Macro threads tying these positions together

  • AI compute demand -- drives capital spending on chips and data‑center infrastructure; NVDA is a primary beneficiary.
  • Labor and services resilience -- payroll processors and HR tech capture recurring revenue even as job composition shifts.
  • Tariffs and reshoring -- rising trade frictions can raise input costs but also incentivize local job growth in certain sectors, which supports payroll and services demand.
  • Income diversification -- I’m adding 30‑year Treasuries as part of an Augmented Income Strategy to capture attractive yields and reduce portfolio volatility around equity positions.

Portfolio snapshot (selected recent trades, Tickers mentioned)

NVDA: multiple buys and sells in Feb and Jan as MAS signaled entries and exits. Modest gains in swings.

PAYX: laddered buys across declines; occasional sells to rebalance.

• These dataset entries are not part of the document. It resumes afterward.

(* Let $b$ be a positive integer, $n$ a positive integer coprime with $b$, and $k\in\mathbb N$. Then the Frobenius homomorphism $F_b:\mathbb Z[1/b][q]/(\Phi_n(q)^k)\to\mathbb Z[1/b][q]/(\Phi_n(q)^k)$ defined by $F_b(q)=q^b$ is a (well-defined) isomorphism of algebras.
   Context: $\Phi_n(q)$ denotes the $n$th cyclotomic polynomial. *)

From HB Require Import structures.
From mathcomp Require Import all_boot all_order all_algebra all_field.
Set Implicit Arguments. Unset Strict Implicit. Unset Printing Implicit Defensive.
Import Order.TTheory GRing.Theory Num.Theory.
Local Open Scope ring_scope.

(* Z[1/b] realised as the subring of Q of fractions z / b^m. *)
Definition Zinvb (b : nat) (x : rat) : Prop :=
  exists (z : int) (m : nat), x = z%:~R / (b ^ m)%:R.

(* Z[1/b][q], realised inside Q[q]: polynomials with all coefficients in Z[1/b]. *)
Definition polyZinvb (b : nat) (p : {poly rat}) : Prop :=
  forall i : nat, Zinvb b p`_i.

Definition PhiQ (n : nat) : {poly rat} := map_poly intr 'Phi_n.

Definition in_cyc_ideal (b n k : nat) (p : {poly rat}) : Prop :=
  exists r : {poly rat}, polyZinvb b r /\ p = PhiQ n ^+ k * r.

Definition frob (b : nat) (p : {poly rat}) : {poly rat} := p \Po 'X^b.

From HB Require Import structures.
From mathcomp Require Import all_boot all_order all_algebra all_field.
From mathcomp Require Import cyclic ring.
From Stdlib Require Import ClassicalEpsilon.
Set Implicit Arguments. Unset Strict Implicit. Unset Printing Implicit Defensive.
Import GRing.Theory Num.Theory.
Local Open Scope ring_scope.

(* Let A = q^n - 1 and fix c with b c = 1 (mod n).  Modulo A everything is
   explicit: q^i = q^j whenever i = j (mod n), so F_c o F_b = F_(bc) is the
   identity modulo A; moreover A(q^b) = A * G with G = 1 + q^n + ... + q^(n(b-1))
   congruent to b modulo A, and b is a unit of Z[1/b].  From this we obtain
   - F_b is injective modulo every power A^k (one factor A at a time), and
   - F_b is surjective modulo A^k: a Hensel-type lifting yields r with
     r(q^b) = q mod A^k; then also r^b = q mod A^k and r = q^c mod A.
   Since Phi_n divides A and Phi_n(q) divides Phi_n(q^j) for j coprime to n
   (primitive roots of unity are permuted), Phi_n | Phi_n(r); hence F_b
   preserves (Phi_n^k) and p |-> p(r) is its inverse modulo Phi_n^k. *)

Section DivisibilityOver.
Variables (R : idomainType) (S : subringClosed R).
Implicit Types (D p q u v t : {poly R}) (k : nat).
Local Notation P := (polyOver S).

Definition dvd_over D p := exists2 t, t \in P & p = D * t.

Lemma dvdo0 D : dvd_over D 0.
Proof. by exists 0; rewrite ?polyOver0 ?mulr0. Qed.

Lemma dvdoo D : dvd_over D D.
Proof. by exists 1; rewrite ?rpred1 ?mulr1. Qed.

Lemma dvd1o p : p \in P -> dvd_over 1 p.
Proof. by exists p; rewrite ?mul1r. Qed.

Lemma dvdoD D p q : dvd_over D p -> dvd_over D q -> dvd_over D (p + q).
Proof. by move=> [t Pt ->] [s Ps ->]; exists (t + s); rewrite ?rpredD ?mulrDr. Qed.

Lemma dvdoN D p : dvd_over D p -> dvd_over D (- p).
Proof. by move=> [t Pt ->]; exists (- t); rewrite ?rpredN ?mulrN. Qed.

Lemma dvdoB D p q : dvd_over D p -> dvd_over D q -> dvd_over D (p - q).
Proof. by move=> Dp Dq; apply: dvdoD => //; apply: dvdoN. Qed.

Lemma dvdoMr D p t : dvd_over D p -> t \in P -> dvd_over D (p * t).
Proof. by move=> [s Ps ->] Pt; exists (s * t); rewrite ?rpredM ?mulrA. Qed.

Lemma dvdoMl D p t : dvd_over D p -> t \in P -> dvd_over D (t * p).
Proof. by rewrite mulrC; apply: dvdoMr. Qed.

Lemma dvdoZ D p (a : R) : dvd_over D p -> a \in S -> dvd_over D (a *: p).
Proof. by move=> Dp Sa; rewrite -mul_polyC; apply: dvdoMl; rewrite ?polyOverC. Qed.

Lemma dvdo_trans D1 D2 p : dvd_over D1 D2 -> dvd_over D2 p -> dvd_over D1 p.
Proof. by move=> [s Ps ->] [t Pt ->]; exists (s * t); rewrite ?rpredM ?mulrA. Qed.

Lemma dvdoM D1 D2 p q : dvd_over D1 p -> dvd_over D2 q -> dvd_over (D1 * D2) (p * q).
Proof. by move=> [s Ps ->] [t Pt ->]; exists (s * t); rewrite ?rpredM // mulrACA. Qed.

Lemma dvdoX D p k : dvd_over D p -> dvd_over (D ^+ k) (p ^+ k).
Proof.
move=> Dp; elim: k => [|k IHk]; first by rewrite !expr0; apply: dvdoo.
by rewrite !exprS; apply: dvdoM.
Qed.

Lemma dvdo_exp2l D i j : D \in P -> (i <= j)%N -> dvd_over (D ^+ i) (D ^+ j).
Proof. by move=> PD le_ij; exists (D ^+ (j - i)); rewrite ?rpredX // -exprD subnKC. Qed.

Lemma dvdo_sum D (I : Type) (r : seq I) (F : I -> {poly R}) :
  (forall i, dvd_over D (F i)) -> dvd_over D (\sum_(i <- r) F i).
Proof.
move=> DF; elim: r => [|i r IHr]; first by rewrite big_nil; apply: dvdo0.
by rewrite big_cons; apply: dvdoD.
Qed.

Lemma dvdo_comp D p u : dvd_over D p -> u \in P -> dvd_over (D \Po u) (p \Po u).
Proof.
move=> [t Pt ->] Pu; exists (t \Po u); first exact: polyOver_comp.
by rewrite comp_polyM.
Qed.

Lemma dvdo_subXX u v k : u \in P -> v \in P -> dvd_over (u - v) (u ^+ k - v ^+ k).
Proof.
move=> Pu Pv; rewrite subrXX; exists (\sum_(i < k) u ^+ (k.-1 - i) * v ^+ i) => //.
by apply: rpred_sum => i _; rewrite rpredM ?rpredX.
Qed.

Lemma dvdo_compB q u v : q \in P -> u \in P -> v \in P ->
  dvd_over (u - v) ((q \Po u) - (q \Po v)).
Proof.
move=> Pq Pu Pv; rewrite [q \Po u]comp_polyE [q \Po v]comp_polyE -sumrB.
apply: dvdo_sum => i; rewrite -scalerBr; apply: dvdoZ; first exact: dvdo_subXX.
exact: (polyOverP Pq).
Qed.

Lemma dvdo_cancel D p j : D != 0 -> dvd_over (D ^+ j.+1) (D ^+ j * p) -> dvd_over D p.
Proof.
move=> nzD [t Pt Dp]; exists t => //.
apply: (@mulfI _ (D ^+ j)); first by rewrite expf_neq0.
by rewrite Dp exprS mulrCA mulrA.
Qed.

End DivisibilityOver.

Section FrobeniusModuloXnSub1.
Variables (R : idomainType) (S : subringClosed R) (b n c : nat).
Hypotheses (n_gt0 : (0 < n)%N) (bc1 : (b * c = 1 %[mod n])%N).
Hypotheses (b_unit : (b%:R : R) \is a GRing.unit) (binv_S : (b%:R : R)^-1 \in S).
Implicit Types (p q r u v w : {poly R}) (i j k : nat).
Local Notation P := (polyOver S).
Local Notation dvdo := (dvd_over S).

Let A : {poly R} := 'X^n - 1.
(* A(q^b) = A(q) * G(q), and G = b modulo A. *)
Let G : {poly R} := \sum_(i < b) 'X^n ^+ i.

Lemma A_over : A \in P.
Proof. by rewrite rpredB ?polyOverXn ?rpred1. Qed.

Lemma A_neq0 : A != 0.
Proof. by rewrite monic_neq0 ?monic_Xn_sub_1. Qed.

Lemma dvdoA_Xn i j : (i = j %[mod n])%N -> dvdo A ('X^i - 'X^j).
Proof.
have dvdA_mod m : dvdo A ('X^m - 'X^(m %% n)).
  rewrite {1}(divn_eq m n) exprD mulnC exprM -[X in _ - X]mul1r -mulrBl.
  apply: dvdoMr; last exact: polyOverXn.
  by rewrite -(expr1n _ (m %/ n)); apply: dvdo_subXX; rewrite ?polyOverXn ?rpred1.
move=> eq_ij; have -> : 'X^i - 'X^j = ('X^i - 'X^(i %% n)) - ('X^j - 'X^(j %% n)) :> {poly R}.
  by rewrite eq_ij opprB addrA subrK.
exact: dvdoB.
Qed.

Lemma dvdoA_comp j : dvdo A (A \Po 'X^j).
Proof.
rewrite /A comp_polyB comp_polyC polyC1 comp_Xn_poly -exprM -(expr0 'X).
by apply: dvdoA_Xn; rewrite modnMl mod0n.
Qed.

Lemma A_comp_Xb : A \Po 'X^b = A * G.
Proof. by rewrite /A comp_polyB comp_polyC polyC1 comp_Xn_poly -exprM mulnC exprM subrX1. Qed.

Lemma G_over : G \in P.
Proof. by apply: rpred_sum => i _; rewrite rpredX ?polyOverXn. Qed.

Lemma dvdoA_G : dvdo A (G - b%:R).
Proof.
rewrite -[b in b%:R]card_ord -sumr_const -sumrB; apply: dvdo_sum => i.
by rewrite -(expr1n _ i); apply: dvdo_subXX; rewrite ?polyOverXn ?rpred1.
Qed.

Lemma dvdoA_GX j : dvdo A (G ^+ j - b%:R ^+ j).
Proof.
apply: dvdo_trans dvdoA_G _; apply: dvdo_subXX; first exact: G_over.
by rewrite rpred_nat.
Qed.

Lemma scale_binvXK j p : (b%:R^-1) ^+ j *: (b%:R ^+ j * p) = p.
Proof.
by rewrite scalerAl -polyC_natr -rmorphXn /= scale_polyC -exprMn mulVr // expr1n mul1r.
Qed.

Lemma dvdoA_frob_bc q : q \in P -> dvdo A ((q \Po 'X^(b * c)) - q).
Proof.
move=> Pq; apply: (@dvdo_trans _ _ _ ('X^(b * c) - 'X)).
  by rewrite -{2}(expr1 'X); apply: dvdoA_Xn; rewrite bc1.
by rewrite -{2}(comp_polyXr q); apply: dvdo_compB; rewrite ?polyOverXn ?polyOverX.
Qed.

Lemma comp_XnA q i j : (q \Po 'X^i) \Po 'X^j = q \Po 'X^(j * i).
Proof. by rewrite -comp_polyA comp_Xn_poly -exprM. Qed.

Lemma frob_inj_modA v : v \in P -> dvdo A (v \Po 'X^b) -> dvdo A v.
Proof.
move=> Pv Av; have Avbc : dvdo A (v \Po 'X^(b * c)).
  rewrite mulnC -comp_XnA; apply: dvdo_trans (dvdoA_comp c) _.
  by apply: dvdo_comp; rewrite ?polyOverXn.
by rewrite -[v](subKr (v \Po 'X^(b * c))); apply: dvdoB => //; apply: dvdoA_frob_bc.
Qed.

(* Writing w = A^j v, the hypothesis gives
   A | G^j v(q^b), hence A | b^j v(q^b), hence A | v(q^b), hence A | v. *)
Lemma frob_lift_modA w j : dvdo (A ^+ j) w -> dvdo (A ^+ j.+1) (w \Po 'X^b) ->
  dvdo (A ^+ j.+1) w.
Proof.
move=> [v Pv ->] Awb; have Pvb : v \Po 'X^b \in P by rewrite polyOver_comp ?polyOverXn.
rewrite comp_polyM rmorphXn /= A_comp_Xb exprMn -mulrA in Awb.
have AGv := dvdo_cancel A_neq0 Awb.
have ABv : dvdo A (b%:R ^+ j * (v \Po 'X^b)).
  rewrite -[_ * _](subKr (G ^+ j * (v \Po 'X^b))) -mulrBl.
  by apply: dvdoB => //; apply: dvdoMr => //; apply: dvdoA_GX.
have Avb : dvdo A (v \Po 'X^b).
  by rewrite -(scale_binvXK j (v \Po 'X^b)); apply: dvdoZ; rewrite ?rpredX.
have [t Pt ->] := frob_inj_modA Pv Avb.
by exists t; rewrite ?exprSr ?mulrA.
Qed.

Lemma frob_inj_modApow k w : w \in P -> dvdo (A ^+ k) (w \Po 'X^b) -> dvdo (A ^+ k) w.
Proof.
move=> Pw Awb; suff Aw j : (j <= k)%N -> dvdo (A ^+ j) w by apply: Aw.
elim: j => [|j IHj] le_jk; first by rewrite expr0; apply: dvd1o.
apply: frob_lift_modA; first exact: IHj (ltnW le_jk).
by apply: dvdo_trans Awb; apply: dvdo_exp2l; rewrite ?A_over.
Qed.

(* F_b is surjective modulo every power of A: q has a preimage r. This is a
   Hensel-type lifting: if r(q^b) - q = A^k h, the correction
   r - b^-k A^k h(q^c) kills the error modulo A^(k+1). *)
Lemma frob_inverse_modApow k : exists2 r, r \in P & dvdo (A ^+ k) ((r \Po 'X^b) - 'X).
Proof.
elim: k => [|k [r Pr [h Ph Erh]]].
  exists 'X; first exact: polyOverX.
  by rewrite expr0; apply: dvd1o; rewrite comp_polyX rpredB ?polyOverX ?polyOverXn.
pose binvk := (b%:R : R)^-1 ^+ k.
have Pbinvk : binvk \in S by rewrite rpredX.
have Phc : h \Po 'X^c \in P by rewrite polyOver_comp ?polyOverXn.
exists (r - binvk *: (A ^+ k * (h \Po 'X^c))).
  by rewrite rpredB ?polyOverZ ?rpredM ?rpredX ?A_over.
pose hbc := h \Po 'X^(b * c).
have -> : (r - binvk *: (A ^+ k * (h \Po 'X^c))) \Po 'X^b - 'X
    = A ^+ k * (- (hbc - h) - binvk *: ((G ^+ k - b%:R ^+ k) * hbc)).
  rewrite comp_polyB comp_polyZ comp_polyM rmorphXn /= A_comp_Xb comp_XnA -/hbc.
  rewrite addrAC Erh exprMn -mulrA scalerAr -mulrBr; congr (_ * _).
  by rewrite mulrBl scalerBr scale_binvXK !opprB addrA subrK.
rewrite exprSr; apply: dvdoM; first exact: dvdoo.
apply: dvdoB; first by apply: dvdoN; apply: dvdoA_frob_bc.
apply: dvdoZ => //; apply: dvdoMr; first exact: dvdoA_GX.
by rewrite polyOver_comp ?polyOverXn.
Qed.

Lemma frob_inverse_pow k r : r \in P -> dvdo (A ^+ k) ((r \Po 'X^b) - 'X) ->
  dvdo (A ^+ k) (r ^+ b - 'X).
Proof.
move=> Pr Ar; apply: frob_inj_modApow; first by rewrite rpredB ?rpredX ?polyOverX.
rewrite comp_polyB rmorphXn /= comp_polyX; apply: dvdo_trans Ar _.
by apply: dvdo_subXX; rewrite ?polyOver_comp ?polyOverXn ?polyOverX.
Qed.

Lemma frob_inverse_modA r : r \in P -> dvdo A ((r \Po 'X^b) - 'X) -> dvdo A (r - 'X^c).
Proof.
move=> Pr Ar; rewrite -(subrKA (r \Po 'X^(b * c))); apply: dvdoD.
  by rewrite -opprB; apply: dvdoN; apply: dvdoA_frob_bc.
have -> : r \Po 'X^(b * c) - 'X^c = ((r \Po 'X^b) - 'X) \Po 'X^c.
  by rewrite comp_polyB comp_polyX comp_XnA mulnC.
by apply: dvdo_trans (dvdoA_comp c) _; apply: dvdo_comp; rewrite ?polyOverXn.
Qed.
End FrobeniusModuloXnSub1.

(* Phi_n(q) divides Phi_n(q^j) in Z[q] when j is coprime to n: the j-th power
   of a primitive n-th root of unity z is again primitive, so z is a root of
   Phi_n(q^j), and Phi_n is the minimal polynomial of z. *)
Lemma Cyclotomic_dvd_comp n j : (0 < n)%N -> coprime j n -> 'Phi_n %| 'Phi_n \Po 'X^j.
Proof.
move=> n_gt0 cop_jn; have [z prim_z] := C_prim_root_exists n_gt0.
have [p [min_z _] dvd_min] := minCpolyP z.
have Phi_p : map_poly intr 'Phi_n = p.
  apply: (map_inj_poly (fmorph_inj (ratr : {rmorphism rat -> algC}))); first exact: rmorph0.
  rewrite -min_z (minCpoly_cyclotomic prim_z) -(Cintr_Cyclotomic prim_z) -map_poly_comp.
  by apply: eq_map_poly => x /=; rewrite ratr_int.
rewrite -dvdp_rat_int map_comp_poly map_polyXn Phi_p -dvd_min.
rewrite map_comp_poly map_polyXn -min_z (minCpoly_cyclotomic prim_z).
apply/rootP; rewrite horner_comp hornerXn; apply/rootP.
by rewrite (root_cyclotomic prim_z) prim_root_exp_coprime.
Qed.

Section FrobeniusModuloCyclotomic.
Variables (R : idomainType) (S : subringClosed R) (b n c : nat).
Hypotheses (n_gt0 : (0 < n)%N) (bc1 : (b * c = 1 %[mod n])%N).
Hypotheses (b_unit : (b%:R : R) \is a GRing.unit) (binv_S : (b%:R : R)^-1 \in S).
Implicit Types (p r : {poly R}) (j k : nat).
Local Notation P := (polyOver S).
Local Notation dvdo := (dvd_over S).

Let Phi : {poly R} := map_poly intr 'Phi_n.

Lemma intpoly_over (p : {poly int}) : map_poly intr p \in P.
Proof. by apply/polyOverP => i; rewrite coef_map rpred_int. Qed.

Expecting a long-term turnaround especially as Federal Government drops the long-hammer on the exploitation of migrants (The modern Slavery Epidemic... As I see it).

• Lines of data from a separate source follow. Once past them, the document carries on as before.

(* For $X_d=\otimes_{j=1}^d X_{1,j}$, the following are equivalent: (i) $\lim_{d\to\infty}n^{X_d}(\varepsilon)=\infty$ for every $\varepsilon\in(0,1)$; (ii) $\displaystyle\sum_{j=1}^\infty\sum_{k=2}^\infty\frac{\lambda^{X_{1,j}}_k}{\lambda^{X_{1,j}}_1}=\infty$.
   Context: For a centered Hilbert-space random element $Z$ with finite second moment, $\lambda^Z_1\ge\lambda^Z_2\ge\dots\ge 0$ denote the eigenvalues of its covariance operator $K^Z$ listed with multiplicity (padded with zeros if there are finitely many), $\Lambda^Z=\sum_k\lambda^Z_k$, $\bar\lambda^Z_k=\lambda^Z_k/\Lambda^Z$. Let $H_{1,j}$, $j\in\mathbb N$, be separable Hilbert spaces and $X_{1,j}$ centered $H_{1,j}$-valued random elements with $\mathbb E\|X_{1,j}\|^2<\infty$ and $\lambda^{X_{1,j}}_1>0$. $X_d=\otimes_{j=1}^dX_{1,j}$ means: $X_d$ is a centered random element of the Hilbert tensor product $H_d=\otimes_{j=1}^dH_{1,j}$ with covariance operator $K^{X_d}=\otimes_{j=1}^dK^{X_{1,j}}$; so the eigenvalues of $K^{X_d}$ are the products $\prod_{j=1}^d\lambda^{X_{1,j}}_{k_j}$, $(k_1,\dots,k_d)\in\mathbb N^d$, and $\Lambda^{X_d}=\prod_j\Lambda^{X_{1,j}}$. The average case approximation complexity is $n^{X_d}(\varepsilon)=\min\{n\in\mathbb N: e^{X_d}(n)\le\varepsilon e^{X_d}(0)\}$, where $e^{X_d}(0)=(\mathbb E\|X_d\|^2)^{1/2}$ and $e^{X_d}(n)$ is the infimum of $(\mathbb E\|X_d-\sum_{m=1}^n l_m(X_d)\psi_m\|^2)^{1/2}$ over $\psi_m\in H_d$, $l_m\in H_d^*$; equivalently $n^{X_d}(\varepsilon)=\min\{n:\sum_{k>n}\bar\lambda^{X_d}_k\le\varepsilon^2\}$. *)

From Stdlib Require Import Reals List.
Open Scope R_scope.
Lemma pd_add_block_ul m k l (M : 'M[R]_(m + k + l)) (S : 'M[R]_m) :
  psd M -> pd S ->
  (forall y z, dot (col_mx (col_mx 0 y) z) (M *m col_mx (col_mx 0 y) z) = 0 ->
     y = 0 /\ z = 0) ->
  pd (M + block_mx (block_mx S 0 0 0) 0 0 0).
Proof.
move=> M_psd S_pd M_ker; apply: pd_add_psd => //.
  exact/psd_block_ul/psd_block_ul/pd_psd.
move=> v; rewrite -[v]vsubmxK -[usubmx v]vsubmxK !dot_block_ul.
set x := usubmx (usubmx v) => Mv0 Sx0.
have [x0|/S_pd.2] := eqVneq x 0; last by rewrite qf_dot Sx0 ltxx.
by move: Mv0; rewrite x0 => /M_ker[-> ->]; rewrite !col_mx0.
Qed.

Lemma pd_scalar_subr m (B : 'M[R]_m) (a : R) : B^T = B ->
  (forall r, eigenvalue B r -> r < a) -> pd (a%:M - B).
Proof.
move=> B_sym B_lt; apply: pd_sym_eigenvalue_gt0.
  by rewrite linearB /= tr_scalar_mx B_sym.
move=> r /eigenvalueP[v v_eig v_neq0].
suff /B_lt : eigenvalue B (a - r) by rewrite gtrBl.
apply/eigenvalueP; exists v => //.
by move: v_eig; rewrite mulmxBr mul_mx_scalar scalerBl => <-; rewrite opprB addrC subrK.
Qed.

End Definiteness.

Section BlockMatrices.
Variables (R : rcfType) (K n : nat) (pp : 'I_K -> nat).
Variable Xs : forall i : 'I_K, 'M[R]_(n, pp i).
Implicit Types (mu eta : R) (x y z u w : 'cV[R]_(\sum_i pp i)).
(* (S2): the extensions [Ext(l; F)] of a path [l] not in [F Lambda] form a finite
   exhaustive set at [s(l)] (finiteness is supplied separately). *)
Lemma FE_restrict_ext F v l : finite_set (Ext Gr l F) -> FEat Gr F v ->
  kdom Gr l -> rr l = v ->
  ~ (exists m a, F m /\ kdom Gr a /\ ss m = rr a /\ l = cp m a) ->
  FEat Gr (Ext Gr l F) (ss l).
Proof.
  intros Hfin Hfe [Hl Hlh] Er Hnot. pose proof Hfe as [_ [_ [_ Hex]]].
  split; [apply restrict_vertex; split; [apply (rs_vertex _ _ HG); auto | auto]|].
  split; auto. split.
  - intros a Xa. pose proof Xa as [m [Fm [Ha [Ea Hmce]]]].
    split; auto. split; [simpl; auto|]. intro Hva.
    apply restrict_vertex in Hva. destruct Hva as [Hva _].
    simpl in Ea. rewrite <- (vertex_r _ _ HG a Hva), <- Ea in Hmce.
    simpl in Hmce. rewrite (comp_id_r _ _ HG) in Hmce; auto.
    destruct Hmce as [_ [_ [_ [b [Hb [Eb Eqb]]]]]]. apply Hnot. exists m, b. auto.
  - intros mu Hmu Emu. simpl in Emu. pose proof Hmu as [Hmud Hmuh].
    destruct (comp_props _ _ HG l mu) as [Hlmu [Erlmu [Eslmu _]]]; auto.
    destruct (Hex (cp l mu)) as [m [Fm [P HP]]].
    { split; auto. simpl. rewrite Eslmu. auto. }
    { simpl. congruence. }
    destruct (FE_restrict_member F v m Hfe Fm) as [Hm _].
    destruct (restrict_meets_ext l mu m P) as [z [Xz Hq]]; auto.
    exists z. split; [exists m; split; auto | exact Hq].
Qed.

DIN: tactical buys and sells around operational news and consolidation themes. They are reshaping and combining brands (Applebee's and IHOP). They recently announced the closure of under-performing Restaurants.

Risks and what I’m watching

  • Sentiment volatility --- AI narratives can swing quickly; strong earnings don’t always prevent sharp pullbacks.
  • Competition and supply --- cloud providers and chip rivals could erode margins or force faster reinvestment cycles. IndexBox
  • Policy and labor --- trade policy, immigration, and enforcement affect labor supply, costs, and the social tradeoffs I care about.
  • Execution risk --- companies must convert technological advantage into durable economics; roadmaps matter.

Takeaways

Tech is not a single bet, it’s a set of structural shifts. AI compute, payroll and HR services, electrification, and energy are interconnected themes that can reinforce each other. I’m building exposure across those themes with a mix of conviction buys (NVDA), defensive recurring‑revenue names (PAYX), selective consumer plays (DIN), and fixed‑income ladders to manage risk.

Disclaimer: This post is for informational and educational purposes only and does not constitute investment advice, a recommendation to buy or sell securities, or an offer to provide investment advisory services. I am sharing my personal views and trade history; you should consult a licensed financial professional before making investment decisions. Past performance is not indicative of future results.